If you only want to provide SQL semantics and support write-heavy workloads with secondary indexes, then it is hard to be more efficient than MyRocks as it doesn't do reads other than those required for SQL -- fetching the row(s). There are several reasons for fetching the row(s) during processing of an UPDATE or DELETE statement including returning the affected row count and validating constraints. Getting the row requires a read from the table (if heap organized) or the PK index (if using a clustered PK index like MyRocks and InnoDB).
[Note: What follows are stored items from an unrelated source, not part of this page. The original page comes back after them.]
(* Let $V$ be a finite set of variables and let $p$ be a probability distribution over $V$ faithful to an LWF chain graph $G$ with vertex set $V$, with all conditional independence queries answered correctly according to $p$. Then the graph $H^*$ produced at the end of the PC-like algorithm PC4LWF (after skeleton recovery, complex recovery and the pattern step) has the same adjacencies and the same minimal complexes as $G$.
   Context: An LWF chain graph (CG) is a graph on a finite vertex set with directed ($\to$) and undirected ($-$) edges, at most one edge between two vertices, and no partially directed cycle (a cycle $v_1,\dots,v_n,v_{n+1}\equiv v_1$, $n\ge3$, of distinct vertices with each step $v_i-v_{i+1}$ or $v_i\to v_{i+1}$ and at least one step directed). Chain components are the connected components after deleting directed edges. $bd(A)$ is the set of parents or neighbours of vertices of $A$ outside $A$; $An(A)$ is the smallest set $B\supseteq A$ with $bd(b)\subseteq B$ for all $b\in B$. The moral graph $G^m$ joins $\alpha,\beta$ iff they are adjacent in $G$ or $\alpha\to\gamma_1$, $\beta\to\gamma_2$ for some $\gamma_1,\gamma_2$ in one chain component. For disjoint $A,B,S$, $S$ c-separates $A$ from $B$ if it separates them in $(G_{An(A\cup B\cup S)})^m$. $p$ is faithful to $G$ if $A\perp\!\!\!\perp B\mid S$ in $p$ iff $S$ c-separates $A$ from $B$ in $G$. A minimal complex is an induced subgraph of the form $a\to v_1-\cdots-v_r\gets b$ ($r\ge1$). PC4LWF. Skeleton recovery: let $H$ be the complete undirected graph on $V$; for $i=0,\dots,|V|-2$, while possible select an ordered pair $(u,v)$ adjacent in the current $H$ with $|ad_H(u)\setminus\{v\}|\ge i$ ($ad_H$ = current adjacency sets); if some $S\subseteq ad_H(u)\setminus\{v\}$ with $|S|=i$ satisfies $u\perp\!\!\!\perp v\mid S$, set $S_{uv}=S_{vu}=S$ and remove $u-v$. Complex recovery: set $H^*=H$; for each pair $\{u,v\}$ non-adjacent in $H$ and each edge $u-w$ in $H^*$, if $u\not\perp\!\!\!\perp v\mid S_{uv}\cup\{w\}$, orient $u-w$ as $u\to w$. Pattern step: for each pair of arrows $u_1\to w_1$, $u_2\to w_2$ in $H^*$ with $u_1\ne u_2$, label both as complex arrows if there is an undirected path in $H^*$ from $w_1$ to $w_2$ none of whose intermediate vertices is adjacent to $u_1$ or $u_2$; after all pairs are examined, make every unlabeled arrow undirected. *)

From Stdlib Require Import ClassicalEpsilon.
From mathcomp Require Import all_boot.
Set Implicit Arguments. Unset Strict Implicit. Unset Printing Implicit Defensive.

Section ChainGraphs.
Variable T : finType.

(** A graph with directed edges [d x y] (x -> y) and undirected edges [u x y] (x - y). *)
Definition adjacent (d u : rel T) (x y : T) : bool := [|| d x y, d y x | u x y].

Definition cyc_steps (p : seq T) : seq (T * T) := zip p (rot 1 p).

Definition pd_cycle (d u : rel T) (p : seq T) : bool :=
  [&& 3 <= size p, uniq p,
      all (fun e => d e.1 e.2 || u e.1 e.2) (cyc_steps p)
    & has (fun e => d e.1 e.2) (cyc_steps p)].

Definition is_LWF_CG (d u : rel T) : Prop :=
  [/\ (forall x, ~~ d x x), (forall x, ~~ u x x), (forall x y, u x y = u y x),
      (forall x y, ~~ (d x y && d y x) /\ ~~ (d x y && u x y))
    & (forall p, ~~ pd_cycle d u p)].

Definition bd (d u : rel T) (A : {set T}) : {set T} :=
  [set x | (x \notin A) && [exists a in A, d x a || u x a]].

Definition An (d u : rel T) (A : {set T}) : {set T} :=
  [set x | [forall B : {set T},
     ((A \subset B) && [forall b in B, bd d u [set b] \subset B]) ==> (x \in B)]].

Definition same_comp (u : rel T) (W : {set T}) (x y : T) : bool :=
  connect [rel a b | [&& a \in W, b \in W & u a b]] x y.

Definition moral (d u : rel T) (W : {set T}) (x y : T) : bool :=
  [&& x \in W, y \in W, x != y &
     adjacent d u x y ||
     [exists g1, exists g2, [&& g1 \in W, g2 \in W, d x g1, d y g2 & same_comp u W g1 g2]]].

Definition c_separates (d u : rel T) (A B S : {set T}) : Prop :=
  let W := An d u (A :|: B :|: S) in
  forall a b, a \in A -> b \in B ->
    ~~ connect [rel x y | [&& x \in W :\: S, y \in W :\: S & moral d u W x y]] a b.

(** minimal complex a -> v1 - ... - vr <- b as an induced subgraph *)
Definition consec (vs : seq T) (x y : T) : bool :=
  has (fun e => (e == (x, y)) || (e == (y, x))) (zip vs (behead vs)).

Definition min_complex (d u : rel T) (a b : T) (vs : seq T) : Prop :=
  [/\ vs != [::], uniq (a :: b :: vs) &
      forall x y, x \in a :: b :: vs -> y \in a :: b :: vs ->
        d x y = ((x == a) && (y == head a vs)) || ((x == b) && (y == last b vs))
        /\ u x y = consec vs x y].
If you are willing to give up SQL semantics then it is possible to be read-free -- no reads for secondary index maintenance, no reads to get the base row. This is explained in the Tarantool paper but that solution has a cost -- all secondary index entries must be validated by reading the base row because they can be stale (invalid). The validation isn't that different from what can happen in Postgres and InnoDB when vacuum and purge get behind and index-only queries might not be index-only.

There was also a feature in TokuDB for blind writes but I am not sure whether that avoided reads to get the base row.

Blind writes

A blind write is done without hidden or explicit reads. But I need to add an exception for some reads, because an LSM has to search the memtable to insert key-value pairs. So I limit this post to disk-based DBMS and allow a blind-write to read in-memory search structures. The Put operation in the LevelDB and RocksDB API is a blind write.
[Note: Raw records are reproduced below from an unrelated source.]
Lemma logcoef_bound (q r B x : R) : 2 <= q -> 0 <= r -> 1 <= B -> Rabs x <= B ->
  Rabs (logcoef q r x) <= r * (1 + Rpower B (q - 1) * B).
Proof.
  intros Hq Hr HB Hx. assert (Hpos : 0 <= 1 + Rpower B (q - 1) * B)
    by (pose proof (exp_pos ((q - 1) * ln B)); unfold Rpower; nra).
  destruct (Req_dec x 0) as [-> | Hx0];
    [unfold logcoef; rewrite Rmult_0_r, Rmult_0_l, Rabs_R0; nra |].
  assert (Hax : 0 < Rabs x) by now apply Rabs_pos_lt.
  rewrite logcoef_nonzero by exact Hx0.
  replace (Rabs (Rpower (Rabs x) (q - 2) * x * (r * ln (Rabs x))))
    with (r * (Rpower (Rabs x) (q - 1) * Rabs (ln (Rabs x)))).
  - apply Rmult_le_compat_l; [exact Hr |]. apply Rpower_mul_Rabs_ln_le; lra.
  - replace (q - 1) with ((q - 2) + 1) by ring. rewrite Rpower_plus, Rpower_1 by exact Hax.
    rewrite !Rabs_mult, (Rabs_pos_eq r Hr), (Rabs_pos_eq (Rpower _ _)) by (left; apply exp_pos).
    ring.
Qed.

Lemma Rabs_logcoef_mul_le (q r B x y : R) : 2 <= q -> 0 <= r -> 1 <= B ->
  Rabs x <= B -> Rabs y <= B -> Rabs (logcoef q r x * y) <= r * (1 + Rpower B (q - 1) * B) * B.
Proof.
  intros Hq Hr HB Hx Hy. rewrite Rabs_mult.
  apply Rmult_le_compat; [apply Rabs_pos | apply Rabs_pos | now apply logcoef_bound | exact Hy].
Qed.

Lemma is_lim_seq_logcoef_mul (q r B : R) (x y : nat -> R) (l m : R) :
  2 <= q -> 0 <= r -> 1 <= B -> (forall k, Rabs (x k) <= B) ->
  is_lim_seq x l -> is_lim_seq y m -> (l = 0 -> m = 0) ->
  is_lim_seq (fun k => logcoef q r (x k) * y k) (logcoef q r l * m).
Proof.
  intros Hq Hr HB Hx Hxl Hym Hlm. destruct (Req_dec l 0) as [Hl | Hl].
  - rewrite (Hlm Hl) in Hym |- *. rewrite Rmult_0_r. set (K := r * (1 + Rpower B (q - 1) * B)).
    apply is_lim_seq_abs_0.
    apply (is_lim_seq_le_le (fun _ => 0) _ (fun k => K * Rabs (y k))).
    + intros k. split; [apply Rabs_pos |]. rewrite Rabs_mult.
      apply Rmult_le_compat_r; [apply Rabs_pos | now apply logcoef_bound].
    + apply is_lim_seq_const.
    + replace (Finite 0) with (Rbar_mult K 0) by (simpl; f_equal; ring).
      apply is_lim_seq_scal_l. now apply (is_lim_seq_abs_0 y).
  - assert (Hev : eventually (fun k => x k <> 0)).
    { apply is_lim_seq_spec in Hxl. destruct (Hxl (mkposreal _ (Rabs_pos_lt l Hl))) as [N HN].
      exists N. intros k Hk Hxk. specialize (HN k Hk). simpl in HN.
      rewrite Hxk, Rminus_0_l, Rabs_Ropp in HN. lra. }
    apply (is_lim_seq_ext_loc
             (fun k => Rpower (Rabs (x k)) (q - 2) * x k * (r * ln (Rabs (x k))) * y k)).
    { destruct Hev as [N HN]. exists N. intros k Hk. now rewrite logcoef_nonzero by now apply HN. }
    rewrite logcoef_nonzero by exact Hl.
    assert (Habs : is_lim_seq (fun k => Rabs (x k)) (Rabs l)) by now apply (is_lim_seq_abs x l).
    assert (Hal : 0 < Rabs l) by now apply Rabs_pos_lt.
    apply is_lim_seq_mult'; [| exact Hym].
    apply is_lim_seq_mult'; [apply is_lim_seq_mult'; [now apply is_lim_seq_Rpower | exact Hxl] |].
    apply (is_lim_seq_scal_l _ r (ln (Rabs l))). now apply is_lim_seq_ln.
Qed.

(** * The functional on E and Cerami sequences *)

Lemma dI_scal (p q r : R) (a b c u v : Z -> R) (t : R) :
  dI p q r a b c u (fun n => t * v n) = t * dI p q r a b c u v.
Proof.
  unfold dI. rewrite Rmult_minus_distr_l, <- !sumZ_scal.
  f_equal; apply sumZ_ext; intros n; unfold Delta; ring.
Qed.

Lemma dI_le_of_dualnorm (p q r : R) (a b c u v : Z -> R) (eps : R) :
  Rbar_le (Rbar_mult (dualnorm p q r a b c u) (1 + normE p a b u)) eps ->
  inD p q r a b c v -> normE p a b v <= 1 -> Rabs (dI p q r a b c u v) <= eps.
Proof.
  intros H Hv Hv1.
  assert (Hle : Rbar_le (Rabs (dI p q r a b c u v)) (dualnorm p q r a b c u))
    by (apply Lub_Rbar_correct; now exists v).
  assert (Hn : 0 <= normE p a b u) by apply rpow_nonneg.
  revert H Hle Hn. generalize (dualnorm p q r a b c u), (normE p a b u).
  intros [d | |] nu H Hle Hn; simpl in *.
  - pose proof (Rabs_pos (dI p q r a b c u v)). nra.
  - destruct Rle_dec as [H1 | H1]; [destruct Rle_lt_or_eq_dec |]; simpl in H; lra.
  - contradiction.
Qed.

Section Functional.

Context {p q r : R} {a b c : Z -> R} {m : nat} {b0 : R}.
Hypotheses (Hm : (0 < m)%nat) (Hp : p = INR (2 * m)) (Hpq : p < q) (Hr : 0 <= r)
  (Ha : forall n, 0 < a n) (Hb : forall n, 0 < b n) (Hc : forall n, 0 < c n)
  (Hb0 : 0 < b0) (Hbb : forall n, b0 <= b n) (Hcs : summableZ c).

(* [normp u] is ‖u‖^p and [logsum u] is Σ c(n) |u(n)|^q ln |u(n)|^r. *)
Local Notation normp u := (sumZ (normE_integrand p a b u)).
Local Notation logsum u := (sumZ (logterm q r c u)).

Let Hp2 : 2 <= p.
Proof. rewrite Hp. replace 2 with (INR 2) by reflexivity. apply le_INR. lia. Qed.

Let Hq : 2 <= q.
Proof. lra. Qed.

Lemma normE_integrand_even (u : Z -> R) (n : Z) :
  normE_integrand p a b u n = a n * Delta u n ^ (2 * m) + b n * u n ^ (2 * m).
Proof. unfold normE_integrand. now rewrite Hp, !rpow_Rabs_even. Qed.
An explicit read is done explicitly by the user or implied by the operation. A read-modify-write sequence includes an explicit read and an example is SELECT ... FOR UPDATE followed by UPDATE. Reads done to process the WHERE clause for UPDATE and DELETE statements are explicit reads.

A hidden read is a read that isn't explicit and done while processing an operation. Examples include: 

  • Read an index to validate a unique constraint. A bloom filter makes this fast for an LSM.
  • Determine the number of affected rows to provide SQL semantics for UPDATE & DELETE
  • Read B-Tree secondary index leaf pages to maintain them after a write

Secondary Index Maintenance

An index entry is composed (indexed column values, row pointer). The row pointer is usually a row ID or the value of the row's primary key columns. The typical index maintenance after a write consists of some of remove old index entry, insert new index entry. To perform these steps both the index column values and row pointer must be known. When a DBMS has the row then it has the required information, but a read must be done to get the row and we are discussing ways to avoid that read.

SQL

The rest of this post assumes a SQL DBMS and a simple schema. 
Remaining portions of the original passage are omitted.